Under the leadership of Abdolnaser Hemmati, the Central Bank of Iran has recently secured a fresh financial tool to better steer Iran's highly troubled economy, which faces stagflation for another year on the back of local mismanagement and unilateral US sanctions. But how successful will the central bank be, and how big of an impact will this have?
The Money and Credit Council, Iran’s top financial decision-making body, allowed the central bank on April 16 to engage in open market operations (OMOs) for the first time in the country’s history.
Central banks have used OMOs for nearly a century to directly influence money supply and in turn impact interest rates and inflation. They involve the purchase or sale of securities, typically government debt securities, on the open market.
But in Iran, the constitution, the Usury Free Banking Law and the Islamic Criminal Law collectively call for financial operations to take place based on Islamic values, which prevent the implementation of OMOs on common securities. Instead, the central bank will now be operating on Islamic securities, specifically treasury bonds that were first introduced about five years ago.
In theory, OMOs could be effective in controlling money supply by way of contractionary or expansionary monetary policies that respectively entail selling and buying securities to reduce and increase the total amount of money in circulation. Changes to money supply indirectly affect short-term bank interest rates and inflation, and in turn impact overall interest rates.

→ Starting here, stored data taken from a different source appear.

(* Let $f\in C^1[0,1]$ with $f(0)=0$, $h:=f'$, $q$ satisfying (q), and fix $c>c^*$. For every $\varphi_0\in(0,1)$ there is a unique $\hat z_{\varphi_0}\in C[0,1]\cap C^1(0,1)$ with $\dot{\hat z}_{\varphi_0}(\varphi)=h(\varphi)-c-q(\varphi)/\hat z_{\varphi_0}(\varphi)$ and $\hat z_{\varphi_0}(\varphi)<0$ for $\varphi\in(0,1)$, and $\hat z_{\varphi_0}(\varphi_0)=z^*(\varphi_0)$. It satisfies $\hat z_{\varphi_0}(0)=0$ (so it solves $(P_c)$), $\hat z_{\varphi_0}<z^*$ on $(\varphi_0,1]$, and $\hat z_{\varphi_0}\ge z_\beta$ on $(0,1]$. Moreover, if $0<\varphi_1<\varphi_0<1$ then $\hat z_{\varphi_1}<\hat z_{\varphi_0}$ on $(0,1]$.
   Context: Condition (q): $q\in C[0,1]$, $q>0$ on $(0,1)$, $q(0)=q(1)=0$, and $\limsup_{\varphi\to0^+}q(\varphi)/\varphi<+\infty$. For $c\in\mathbb R$, a solution of problem $(P_c)$ is a function $z\in C[0,1]\cap C^1(0,1)$ with $\dot z(\varphi)=h(\varphi)-c-q(\varphi)/z(\varphi)$ and $z(\varphi)<0$ for all $\varphi\in(0,1)$, and $z(0)=0$. $c^*$ denotes the real number such that $(P_c)$ has a solution with $z(1)=0$ iff $c\ge c^*$ (unique); $z^*$ is this solution for $c=c^*$. For $c>c^*$, $\beta(c)<0$ is the number such that, for $b<0$, $(P_c)$ has a solution with $z(1)=b$ iff $b\ge\beta(c)$ (unique); $z_\beta$ denotes the solution of $(P_c)$ with $z_\beta(1)=\beta(c)$. *)

From Stdlib Require Import Reals.
From Coquelicot Require Import Coquelicot.
Open Scope R_scope.

Definition cont01 (g : R -> R) : Prop :=
  forall x, 0 <= x <= 1 ->
    filterlim g (within (fun y => 0 <= y <= 1) (locally x)) (locally (g x)).

Definition cond_q (q : R -> R) : Prop :=
  cont01 q /\ (forall x, 0 < x < 1 -> 0 < q x) /\ q 0 = 0 /\ q 1 = 0 /\
  (* limsup_{phi -> 0+} q(phi)/phi < +oo *)
  (exists M delta, 0 < delta /\ forall x, 0 < x < delta -> q x / x <= M).

(* z in C[0,1] ∩ C^1(0,1), z' = h - c - q/z and z < 0 on (0,1)
   (the derivative equals a continuous expression, so z is C^1 on (0,1)) *)
Definition ode_sol (h q : R -> R) (c : R) (z : R -> R) : Prop :=
  cont01 z /\
  (forall x, 0 < x < 1 -> z x < 0) /\
  (forall x, 0 < x < 1 -> is_derive z x (h x - c - q x / z x)).

Definition solP (h q : R -> R) (c : R) (z : R -> R) : Prop :=
  ode_sol h q c z /\ z 0 = 0.

From Stdlib Require Import Reals Lra Lia ClassicalEpsilon Classical.
From Coquelicot Require Import Coquelicot.
Open Scope R_scope.
Set Bullet Behavior "Strict Subproofs".
Lemma craig_galerkin k : craig_defined M A C N b k ->
  in_krylov M A C N b k (p k) /\
  forall x, in_krylov M A C N b k x -> ((- b - S *m p k)^T *m x) 0 0 = 0.
Proof.
case=> k_gt0 beta_neq0; case: k k_gt0 beta_neq0 => // k _ beta_neq0.
have Ik := lanczos_inv_craig beta_neq0 (ltnSn k); have [symN _] := spdN.
split; first exact/in_krylov_span/(krylov_span_lanczos _ Ik)/craig_p_span.
move=> x /in_krylov_span /(krylov_span_lanczos _ Ik) Qx.
rewrite (craig_residual beta_neq0 (ltnSn k)) linearZ /= -scalemxAl mxE.
rewrite trmx_mulmx_bform // (bform_span_eq0 _ Qx) ?mulr0 // => i ik.
exact: lanczos_g_orth.
Qed.

End Craig.

Theorem theorem3p1 (R : rcfType) (m n : nat)
  (M : 'M[R]_m) (A : 'M[R]_(m, n)) (C N : 'M[R]_n) (b : 'cV[R]_n) (k : nat) :
  (n <= m)%N ->
  spd M ->
  \rank A = n ->
  spsd C ->
  b != 0 ->
  spd N ->
  craig_defined M A C N b k ->
  let st := craig M A C N b k in
  (forall p : 'cV[R]_n,
     (in_krylov M A C N b k p /\
      forall x : 'cV[R]_n, in_krylov M A C N b k x ->
        ((- b - schur M A C *m p)^T *m x) 0 0 = 0)
     <-> p = cs_p st)
  /\ cs_u st = - (invmx M *m (A *m cs_p st)).
Proof.
move=> _ spdM rkA spsdC b_neq0 spdN k_def st.
have [Kpk orth_pk] := craig_galerkin spdM rkA spsdC spdN b_neq0 k_def.
split; last by have [_ _ _] := craig_coupled_all A C N b spdM k.
move=> p; split=> [[Kp orth_p] | ->] //.
have spanK := in_krylov_span M A C N b k.
apply: (galerkin_unique (j := k) (schur_spd spdM rkA spsdC)).
- exact/spanK.
- by move=> x /spanK; apply: orth_p.
- exact/spanK.
- by move=> x /spanK; apply: orth_pk.
Qed.
Lemma band_absurd : False.
Proof.
have [w1 [Hw1 Hw1x R1 S1]] := sector_vertex_odd (s := lo) ltac:(lia).
have Hb := band_low_vertex_is_root Hw1 Hw1x R1 S1; subst w1.
have [w2 [Hw2 Hw2x R2 S2]] := sector_vertex_even (s := hi) ltac:(lia).
have [r Sp] := band_in_branch Hw2x ltac:(lia).
case: (simple_path_last_edge Sp) => [Hw2b | [y [Hyx Hyw By Hlast]]].
  by move: R2; rewrite Hw2b R1; lia.
have Ec := last_edge_cell_in_band Sp Hyw Hlast; have Sy := branch_in_band Hyx By.
case Hy: (y < 2 * k)%N; last first.
  rewrite cell_from_origin ?Hy // R2 in Ec.
  by move: Hw1; rewrite -(band_origin_root (negbT Hy) By ltac:(lia)) Hy.
have [Sy' Ry] := sector_polygon Hy Hyx; rewrite Sy' in Sy; rewrite cell_polygon // R2 in Ec.
case: (chord_cell_to_band_max (conj lo_ge lo_le_hi) hi_le Ry _ Sy Ec).
by move=> Ery; apply: Hyw; apply: rel_idx_inj => //; rewrite Ery R2.
Qed.

End Band.

Lemma no_middle_neighbour a b c : E x a -> E x b -> E x c ->
  ~ (sector a < sector b < sector c)%Z.
Proof.
move=> Ea Eb Ec Habc.
have Sa := neighbour_simple_path Ea; have Sb := neighbour_simple_path Eb.
have Sc := neighbour_simple_path Ec.
have Hab : a != b by apply/eqP => Eab; rewrite Eab in Habc; lia.
have Hcb : c != b by apply/eqP => Ecb; rewrite Ecb in Habc; lia.
have Bb : in_branch b b by exists [::].
have Bx w : in_branch b w -> w <> x by case=> r /simple_path_neq_x [].
have Bs w : in_branch b w -> (0 <= sector w /\ 0 <= 3 * H - sector w)%Z.
  by move=> /Bx /sector_bounds; lia.
have [wlo [[rlo Slo] Hlo]] := Z_nonneg_argmin (ex_intro _ b Bb) (fun w Bw => (Bs w Bw).1).
have [whi [[rhi Shi] Hhi]] := Z_nonneg_argmin (f := fun w => 3 * H - sector w)%Z
  (ex_intro _ b Bb) (fun w Bw => (Bs w Bw).2).
have := Hlo b Bb; have := Hhi b Bb => /= Hbhi Hblo.
have := sector_side Sa Slo Hab; have := sector_side Sc Shi Hcb.
have := sector_bounds (Bx _ Bb); have := sector_bounds (simple_path_neq_x Sa).1.
have := sector_bounds (simple_path_neq_x Sc).1 => Rc Ra Rb Hc Ha.
apply: (@band_absurd b (sector wlo) (sector whi)); try lia.
- by move=> y Hyx By; have := Hlo y By; have := Hhi y By => /=; lia.
- by move=> y; apply: in_branch_between; [exists rlo | exists rhi | lia].
Qed.

Lemma neighbour_sectors_neq a b : E x a -> E x b -> a != b -> sector a <> sector b.
Proof.
move=> Ea Eb Hab.
by have := sector_side (neighbour_simple_path Ea) (neighbour_simple_path Eb) Hab; lia.
Qed.

Lemma degree_le2 : (degree E x <= 2)%N.
Proof.
rewrite leqNgt; apply/negP => /card_gt2P [a [b [c [[Ha Hb Hc] [Hab Hbc Hca]]]]].
rewrite !inE in Ha Hb Hc.
have := neighbour_sectors_neq Ha Hb Hab; have := neighbour_sectors_neq Hb Hc Hbc.
have := neighbour_sectors_neq Hc Ha Hca.
have := no_middle_neighbour Ha Hb Hc; have := no_middle_neighbour Ha Hc Hb.
have := no_middle_neighbour Hb Ha Hc; have := no_middle_neighbour Hb Hc Ha.
have := no_middle_neighbour Hc Ha Hb; have := no_middle_neighbour Hc Hb Ha.
lia.
Qed.

End Branches.

Theorem lemma12 (k : nat) (hk : (2 <= k)%N) (hev : ~~ odd k)
  (E : rel (vtx k)) (hmin : min_D_monotone_tree E)
  (x : vtx k) (hx : (nat_of_ord x < 2 * k)%N) :
  (degree E x <= 2)%N.
Proof.
case: hmin => [[[Esym [Eirr [Econn Eacyclic]]] Hmono] _].
have k_eq : k = (2 * k./2)%N by rewrite mul2n even_halfK.
have h_pos : (0 < k./2)%N by lia.
have x_bounds : (0 <= Z.of_nat x < 4 * Z.of_nat k./2)%Z by lia.
apply: (degree_le2 k_eq h_pos hx Esym Eirr Eacyclic Econn) => u v p Sp.
have [j [Hj Hall]] := Hmono u v.
exact: (monotone_path_ascends k_eq h_pos x_bounds Hj Eirr Sp.1 (Hall p Sp)).
Qed.
(* Let $\mathbf{X}$ be a finitely supported real random variable with $\mathbf{E}[\mathbf{X}]=0$ and $\mathrm{Var}[\mathbf{X}]=1$ that takes at most $\ell$ distinct values, and let $d\ge 1$ and $s\ge 1$ be natural numbers. Then there do not exist (for any $n$) two multilinear polynomials $p,q$ of degree at most $d$ over $\mathbb{R}^n$ with $\mathrm{sparsity}(p)=s$ and $\mathrm{sparsity}(q)>\Phi(d,s,\ell)$ such that $p(\mathbf{X}^{\otimes n})$ and $q(\mathbf{X}^{\otimes n})$ are identically distributed. Consequently $\mathrm{Max\text{-}Sparsity\text{-}Gap}_{\mathbf{X},d}(s)$ is well defined and \[ \mathrm{Max\text{-}Sparsity\text{-}Gap}_{\mathbf{X},d}(s)\le \Phi(d,s,\ell):=2^{2d^2\cdot(\ell^{ds}+3)}. \]
   Context: A multilinear polynomial of degree at most $d$ over $\mathbb{R}^n$ is $p(x)=\sum_{S\subseteq[n],|S|\le d}\widehat{p}(S)\prod_{i\in S}x_i$; $\mathrm{sparsity}(p)$ is the number of nonzero coefficients. $\mathrm{Max\text{-}Sparsity\text{-}Gap}_{\mathbf{X},d}(s)$ is the largest natural number $t$ such that there exist (for some $n$) multilinear polynomials $p,q$ of degree at most $d$ with $\mathrm{sparsity}(p)=s$, $\mathrm{sparsity}(q)=t$, and $p(\mathbf{X}^{\otimes n})$, $q(\mathbf{X}^{\otimes n})$ identically distributed (where $\mathbf{X}^{\otimes n}$ is a vector of $n$ i.i.d. copies of $\mathbf{X}$), while no such pair exists with $\mathrm{sparsity}(q)>t$. *)

From HB Require Import structures.
From mathcomp Require Import all_boot all_order all_algebra.
From mathcomp Require Import reals.
Set Implicit Arguments. Unset Strict Implicit. Unset Printing Implicit Defensive.
Import Order.TTheory GRing.Theory Num.Theory.
Local Open Scope ring_scope.

(* A finitely supported real random variable X is given by its k atoms
   [v i] (pairwise distinct values) with probabilities [w i] > 0 summing to 1. *)
Definition finite_rv (R : realType) (k : nat) (v : 'I_k -> R) (w : 'I_k -> R) :=
  injective v /\ (forall i, 0 < w i) /\ \sum_(i < k) w i = 1.

Definition rv_mean (R : realType) (k : nat) (v w : 'I_k -> R) : R :=
  \sum_(i < k) w i * v i.

Definition rv_var (R : realType) (k : nat) (v w : 'I_k -> R) : R :=
  \sum_(i < k) w i * (v i - rv_mean v w) ^+ 2.

(* Multilinear polynomials over R^n: coefficient \hat p(S) for each S ⊆ [n]. *)
Definition mlpoly (R : realType) (n : nat) := {ffun {set 'I_n} -> R}.

Definition ml_deg_le (R : realType) (n : nat) (p : mlpoly R n) (d : nat) :=
  forall S : {set 'I_n}, p S != 0 -> (#|S| <= d)%N.

Definition sparsity (R : realType) (n : nat) (p : mlpoly R n) : nat :=
  #|[set S : {set 'I_n} | p S != 0]|.

Definition ml_eval (R : realType) (n : nat) (p : mlpoly R n) (x : 'I_n -> R) : R :=
  \sum_(S : {set 'I_n}) p S * \prod_(i in S) x i.

(* P[ p(X^{⊗n}) = t ]: sum over outcomes a (atom index of each coordinate)
   of the product probability. *)
Definition law_at (R : realType) (k n : nat) (v w : 'I_k -> R)
    (p : mlpoly R n) (t : R) : R :=
  \sum_(a : {ffun 'I_n -> 'I_k} | ml_eval p (fun i => v (a i)) == t)
     \prod_(i < n) w (a i).

(* p(X^{⊗n}) and q(X^{⊗n}) are identically distributed (both are finitely
   supported, so equal laws = equal probability mass at every real t). *)
Definition ident_distr (R : realType) (k n : nat) (v w : 'I_k -> R)
    (p q : mlpoly R n) :=
  forall t : R, law_at v w p t = law_at v w q t.

(* t is an admissible value in the definition of Max-Sparsity-Gap_{X,d}(s). *)
Definition gap_achievable (R : realType) (k : nat) (v w : 'I_k -> R)
    (d s t : nat) :=
  exists (n : nat) (p q : mlpoly R n),
    [/\ ml_deg_le p d, ml_deg_le q d, sparsity p = s, sparsity q = t
      & ident_distr v w p q].

Definition Phi (d s l : nat) : nat := (2 ^ (2 * d ^ 2 * (l ^ (d * s) + 3)))%N.

From HB Require Import structures.
From mathcomp Require Import all_boot all_order all_algebra.
From mathcomp Require Import reals.
From mathcomp Require Import ring zify.
From Stdlib Require Import Classical.
Import Order.TTheory GRing.Theory Num.Theory.
Local Open Scope ring_scope.

Set Implicit Arguments.
Unset Strict Implicit.
Unset Printing Implicit Defensive.

(* Pick two distinct atoms a, b of X (there are two, as Var X = 1) and restrict
   q to {a, b}^n: this gives a function F on the Boolean cube of Fourier degree
   at most d, for which every variable of every monomial of q is relevant.  As
   p(X^n) and q(X^n) have the same law, F takes at most as many values as p(X^n),
   hence at most L = l^(ds) values, p depending on at most ds variables.  A
   Boolean-valued function of degree D has total influence at most D, while each
   of its relevant variables has influence at least 2^-D / 4 (a nonzero function
   of degree D is nonzero on a 2^-D fraction of the cube); splitting F into its
   level-set indicators, each of degree at most dL, bounds the number of
   relevant variables of F, and q has at most (#relevant + 1)^d monomials. *)

Lemma leq_card_bigcup (T : finType) (I : Type) (r : seq I) (P : pred I)
    (F : I -> {set T}) :
  (#|\bigcup_(i <- r | P i) F i| <= \sum_(i <- r | P i) #|F i|)%N.
Proof.
elim/big_ind2: _ => [|A m B k hA hB|//]; first by rewrite cards0.
exact: leq_trans (leq_card_setU _ _) (leq_add hA hB).
Qed.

That seems like a good solution for the Iranian economy, which is combating all those problems, including but not limited to stratospheric money supply that has grown at an annual rate of over 20% in recent years, high inflation and stubbornly high interest rates. Indeed, officials and pundits have unanimously praised the central bank OMOs license as a constructive move. Central bank chief Hemmati has also expressed confidence in the effectiveness of OMOs, saying they will be especially useful in maintaining interest rates and inflation within corridors desired by the regulator.
Successfully implementing OMOs might be the only way the central bank can meaningfully steer interest rates. Over the past few years, the regulator has failed to curb unruly interest rates even though all factions of the ruling establishment have been in favor — at least publicly — of cutting rates to foster local production.
The hefty credit crunch and other balance sheet problems faced by the banking system have prompted the banks to favor higher rates to attract deposits in the absence of other more modern revenue streams. Shortly before the greenlight for the implementation of OMOs was given, Hemmati had told a gathering of high-level public and private sector officials that the central bank has no plan to directly change interest rates.
However, the very same confluence of structural issues challenging the bank-centered Iranian economy will constrain the effectiveness of OMOs.
For instance, the Iranian governments’ structural budget deficits have been caused by decades of mismanagement; banks have turned to excessive overdrafts from the central bank to stay afloat, driven by high levels of non-performing loans. Ultimately, this has fueled the constant expansion of the money supply.
“So long as these structural issues are not transformed, the excessive long-term growth of money supply will persist, rendering open market operations largely ineffective,” macroeconomic analyst Mohammad Mahidashti told Al-Monitor.
“Therefore, high levels of inflation that are largely a monetary factor, and are to an extent influenced by outside factors such as sanctions, will also persist,” added Mahidashti, an expert with the Ministry of Economic Affairs and Finance.
He explained that OMOs are mostly aimed at instilling short-term and minor changes to interbank and interest rates, and they are in no way capable of resolving major structural issues like state budget deficits. “Hence they cannot implement structural changes in Iran’s economy and take it out of the stagflation cycle,” he said.
Meanwhile, since the central bank still desperately lacks independence from the government, the process of deciding the prices and rates of the bonds that are to be exchanged in implementing OMOs may be compromised. “There is a concern that the government would meddle in setting the rates and prices, which will prevent the central bank from reaching its ultimate goals of controlling inflation and the market,” banking expert Kamran Nadri said in an April 14 interview with local media.
Nadri, who at the moment heads the Islamic banking department of the central bank-affiliated Monetary and Banking Research Institute, added that the government desires low interest rates and high prices on the bonds, and is likely to pressure the central bank. “But the central bank must make its decisions based on economic conditions and away from political and emotional factors, since its mandate is to control inflation and resolve the major financial issues of the country,” he said.
While largely working toward the same goals as the government, Hemmati’s central bank has proven to be much more authoritative and independent than that of his predecessor, Valiollah Seif, who is partly blamed for faulty policies that contributed to the scope of Iran’s currency crisis before and after Donald Trump’s administration embarked on its “maximum pressure” campaign. Most recently, Hemmati signaled in March that the government’s failed currency policy will be revised.
If Hemmati manages to fend off pressure from the government and to implement OMOs, it could signal a new era in central bank leadership in Iran. That is especially true since long-gestating articles of bank reform — a main focus of which is central bank independence — are also expected to be put to a vote in parliament by the end of the first half of the current Iranian year, in September at the latest.